The four forces that determine therapeutic success
The question
What is the impact of the patient, the doctor, the disease and the therapy?
Answer: Controlling high blood pressure does not depend solely on the choice of the right drug or the availability of effective treatment protocols. Instead, it is a complex, multifactorial process involving at least four key elements: the patient, the doctor, the disease itself and the therapy adopted. The interplay between these factors can determine success or failure in achieving pressure goals.
1. The role of the patient: The patient must be placed at the centre of the management of hypertension as his or her behaviour plays a key role in the effectiveness of the therapy. On the one hand, in terms of lifestyle, on the other hand, therapeutic adherence is crucial. Many patients, in fact, do not take their prescribed medication regularly, discontinue them without informing their doctor or take them incorrectly. There are various possible justifications for this: the paradox of prevention (i.e. the absence of perceived symptoms), the occurrence of side effects, the complexity of the treatment schedule and often poor disease compression.
2. The doctor's role: the doctor must make an early and accurate diagnosis. He or she must verify the cause of hypertension itself: approximately 90% of subjects have hypertension defined as essential, which does not identify an unknown cause and develops gradually over time; the remaining 10% suffer from hypertension due to secondary causes (renal diseases, adrenal diseases and sometimes congenital vascular alterations), which require a very different therapeutic approach.

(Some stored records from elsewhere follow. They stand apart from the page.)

(* The chord of the convex map [x |-> 'C(x.+1, 2)] between [q] and [q.+1] lies below it on
   all of [nat]. *)
Lemma bin2_chord q x : 2 * q.+1 * x <= 2 * 'C(x.+1, 2) + q * q.+1.
Proof.
have := double_bin2 x.+1; case: (leqP x q) => h.
  have [d ->] : exists d, q = x + d by exists (q - x); lia.
  by nia.
have [d ->] : exists d, x = q.+1 + d by exists (x - q.+1); lia.
by nia.
Qed.

Lemma t_sum_le k (a : 'I_k -> nat) : 0 < k ->
  t (\sum_(r < k) a r) k <= k * \sum_(r < k) 'C((a r).+1, 2).
Proof.
move=> hk; rewrite tE leq_pmul2l //; set m := \sum_(r < k) a r.
set q := m %/ k; set r := m %% k; have hm : m = q * k + r by exact: divn_eq.
have hsum : 2 * q.+1 * m <= 2 * \sum_(r < k) 'C((a r).+1, 2) + k * (q * q.+1).
  have -> : k * (q * q.+1) = \sum_(r < k) q * q.+1 by rewrite sum_nat_const card_ord.
  rewrite /m !big_distrr -big_split /=.
  by apply: leq_sum => i _; apply: bin2_chord.
by have := double_bin2 q.+1; move: hsum; rewrite hm; nia.
Qed.

Lemma t_moves_le k B : 0 < k -> uniq B -> t (moves k B) k + 'C(size B, 2) <= sumn B.
Proof.
move=> hk uB; rewrite (moves_runners _ hk) (size_runners _ hk) (sumn_runners _ hk) addnC.
apply: leq_trans (leq_add (bin2_sum_le_runners _ hk) (t_sum_le _ hk)) _.
rewrite big_distrr -big_split /=; apply: leq_sum => i _.
rewrite -addnA -mulnDr leq_add2l leq_pmul2l //.
exact: bin2_moves1_le_sumn (runner_uniq _ _ uB).
Qed.

Lemma t_alpha_le_sumn k l : 0 < k -> sorted geq l -> t (alpha k l) k <= sumn l.
Proof.
move=> hk hs; have := t_moves_le hk (beta_uniq hs).
by rewrite -alpha_beta // sumn_beta size_beta leq_add2r.
Qed.

Lemma moves1_sparse s : {in s, forall z, z.+1 \notin s} -> moves 1 s = count (leq 1) s.
Proof.
move=> hs; apply: eq_in_count => y hy /=; case: y hy => //= y hy.
by rewrite subn1 /=; case: (boolP (y \in s)) => // /hs; rewrite hy.
Qed.

Lemma sumn_map_double_iota c : sumn [seq 2 * x | x <- iota 0 c] = 2 * 'C(c, 2).
Proof. by rewrite sumnE big_map -big_distrr -sumnE sumn_iota. Qed.

Lemma sumn_map_odd_iota c : sumn [seq (2 * x).+1 | x <- iota 0 c] = c * c.
Proof.
elim: c => // c IH; rewrite -[c.+1]addn1 iotaD map_cat sumn_cat IH /= addn0 add0n; lia.
Qed.

Lemma sum_ord_ltn k r (f : nat -> nat) : r <= k ->
  \sum_(i < k) (i < r) * f i = \sum_(i < r) f i.
Proof.
move=> hrk; rewrite (eq_bigr (fun i : 'I_k => if i < r then f i else 0)).
  by rewrite -big_mkcond (big_ord_narrow hrk).
by move=> i _; case: (i < r); rewrite ?mul1n ?mul0n.
Qed.

Lemma sum_ord_eqn k e (f : nat -> nat) : e < k -> \sum_(i < k) ((i : nat) == e) * f i = f e.
Proof.
move=> he; rewrite (bigD1 (Ordinal he)) //= eqxx mul1n big1 ?addn0 // => i hi.
by case: eqP => // h; case/eqP: hi; apply: val_inj.
Qed.

Section Witness.
Variables (k q r e j : nat).
Hypotheses (hk : 0 < k) (hr : r < k) (he : e < k).

Definition wit_count (i : nat) : nat := q + (i < r).

(* Runner [i] carries [wit_count i] beads, each just above an empty position, except that runner
   [e] has them on the even positions (so a bead at [0] cannot move) plus an extra movable bead at
   [2 * wit_count e + j]; the parameters [j] and [e] tune the total sum in steps of [k] and [1]. *)
Definition wit_runner (i : nat) : seq nat :=
  if i == e then rcons [seq 2 * x | x <- iota 0 (wit_count i)] (2 * wit_count i + j)
  else [seq (2 * x).+1 | x <- iota 0 (wit_count i)].

Definition witness : seq nat := abacus k (k * (2 * q + j + 3)) wit_runner.

Lemma wit_runner_uniq i : uniq (wit_runner i).
Proof.
rewrite /wit_runner; case: (i == e); rewrite ?rcons_uniq map_inj_uniq ?iota_uniq ?andbT //;
  try by move=> x y /eqP; lia.
by apply/mapP => -[x]; rewrite mem_iota => /andP [_ hx]; lia.
Qed.

Lemma wit_runner_le i z : z \in wit_runner i -> z <= 2 * q + 2 + j.
Proof.
rewrite /wit_runner /wit_count; case: (i == e); rewrite ?mem_rcons ?in_cons.
  case/orP => [/eqP ->|/mapP [x]]; first by case: (i < r) => /=; lia.
  by rewrite mem_iota => /andP [_ hx] ->; case: (i < r) hx => /=; lia.
by case/mapP => x; rewrite mem_iota => /andP [_ hx] ->; case: (i < r) hx => /=; lia.
Qed.

Lemma size_wit_runner i : size (wit_runner i) = wit_count i + (i == e).
Proof. by rewrite /wit_runner; case: (i == e); rewrite ?size_rcons size_map size_iota ?addn1 ?addn0. Qed.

In addition, the physician has the task of educating the patient to provide awareness of the disease, medication effects and therapeutic goals. It must be emphasised that this is often difficult to apply when the time devoted to the examination is short, as is the case in most parts of the National Health System due to the limited availability of medical and healthcare personnel. All the various public health actors are important in this regard: for example, the pharmacist, who has a close relationship with the chronic patient, can play a key role in providing the patient with tools for consultation and awareness.

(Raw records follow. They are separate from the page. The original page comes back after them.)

(* Let $(\sigma_i)_{i\in\mathbb{N}}$ be i.i.d. copies of $\sigma_0$, where $L(u):=1/\mathbf{P}(\sigma_0>u)$ is slowly varying. For $x>0$ let $i_x:=\min\{i:\sigma_i>x\}$ and $i_x^-:=\mathrm{argmax}\{\sigma_i:i<i_x\}$. Then, as $x\to\infty$, each of the four families \[ \frac{i_x}{L(x)},\qquad \frac{L(\sigma_{i_x})}{L(x)}-1,\qquad \frac{L(\sigma_{i_x^-})}{L(x)},\qquad 1-\frac{L(\sigma_{i_x^-})}{L(x)} \] is bounded above and bounded below in probability.
   Context: $\sigma_0$ is a strictly positive random variable under $\mathbf{P}$ and $L(u):=1/\mathbf{P}(\sigma_0>u)$ satisfies $\lim_{u\to\infty}L(uv)/L(u)=1$ for all $v>0$. A family $(Y_x)$ of non-negative random variables is bounded above in probability if $(Y_x)$ is tight (for large $x$), and bounded below in probability if $(1/Y_x)$ is tight. *)

From HB Require Import structures.
From mathcomp Require Import all_boot all_order all_algebra.
From mathcomp Require Import all_classical all_reals all_analysis.
Set Implicit Arguments. Unset Strict Implicit. Unset Printing Implicit Defensive.
Import Order.TTheory GRing.Theory Num.Theory.
Import numFieldNormedType.Exports.
Local Open Scope classical_set_scope.
Local Open Scope ring_scope.

Section Defs.
Context {d : measure_display} {T : measurableType d} {R : realType}.

Definition iid_seq (P : probability T R) (X : nat -> T -> R) : Prop :=
  [/\ (forall i, measurable_fun setT (X i)),
      (forall i (B : set R), measurable B ->
          P (X i @^-1` B) = P (X 0%N @^-1` B)) &
      (forall (s : seq nat) (B : nat -> set R), uniq s ->
          (forall i, measurable (B i)) ->
          P (\bigcap_(i in [set j | j \in s]) (X i @^-1` B i)) =
          (\prod_(i <- s) P (X i @^-1` B i))%E)].

Definition tailL (P : probability T R) (X0 : T -> R) (u : R) : R :=
  1 / fine (P [set t | u < X0 t]).

Definition slowly_varying (L : R -> R) : Prop :=
  forall v : R, 0 < v -> (fun u => L (u * v) / L u) x @[x --> +oo] --> (1:R).

(* i_x := min { i : X_i > x }  (0 if no such i, a null event) *)
Definition first_exceed (X : nat -> T -> R) (x : R) (t : T) : nat :=
  match pselect (exists i, x < X i t) with
  | left h => ex_minn (P := fun i => x < X i t) h
  | right _ => 0%N
  end.

(* i_x^- := an argmax of { X_i : i < i_x }  (0 if i_x = 0) *)
Definition argmax_before (X : nat -> T -> R) (x : R) (t : T) : nat :=
  xget 0%N [set j | (j < first_exceed X x t)%N /\
                    forall i, (i < first_exceed X x t)%N -> X i t <= X j t].

Definition bdd_above_in_prob (P : probability T R) (Y : R -> T -> R) : Prop :=
  forall eps : R, 0 < eps -> exists M : R, exists x0 : R, forall x, x0 <= x ->
    (P [set t | (M < Y x t)%R] <= eps%:E)%E.

(* (Y_x) bounded below in probability: (1/Y_x) tight for large x,
   i.e. P(Y_x < 1/M) small, where Y_x = 0 counts as 1/Y_x = +oo *)
Definition bdd_below_in_prob (P : probability T R) (Y : R -> T -> R) : Prop :=
  forall eps : R, 0 < eps -> exists M : R, 0 < M /\ exists x0 : R,
    forall x, x0 <= x -> (P [set t | (Y x t < M^-1)%R] <= eps%:E)%E.

Definition bdd_in_prob (P : probability T R) (Y : R -> T -> R) : Prop :=
  bdd_above_in_prob P Y /\ bdd_below_in_prob P Y.

End Defs.

From HB Require Import structures.
From mathcomp Require Import all_boot all_order all_algebra.
From mathcomp Require Import all_classical all_reals all_analysis.
From mathcomp Require Import ring lra.
Import Order.TTheory GRing.Theory Num.Theory.
Import numFieldNormedType.Exports.
Local Open Scope classical_set_scope.
Local Open Scope ring_scope.
Set Implicit Arguments. Unset Strict Implicit. Unset Printing Implicit Defensive.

3. The impact of the disease Arterial hypertension, although very common, is a condition that is often underestimated because it is asymptomatic. However, its chronic nature, the variability of values and associated comorbidities (diabetes, dyslipidaemia, obesity, renal insufficiency) make clinical management particularly complex. It is essential to be able to recognise the disease at its onset: this prevents damage to various fundamental organs (heart, kidney, vessels, brain), which otherwise, once it has set in, is essentially non-reversible and makes pressure control even more difficult. In addition, there are certain types of patients with a very complex disease that worsens rapidly: this is the case with resistant hypertension or malignant hypertension.
4. The impact of therapy: finally, the therapy itself plays a key role. The heterogeneity of drugs means that, if a precise rationale is not followed in their choice, sub-optimal control of blood pressure values may be achieved. The type of patient, the presence of side effects, and the simplification of the treatment scheme with fixed combination therapies are all key points to be taken into account.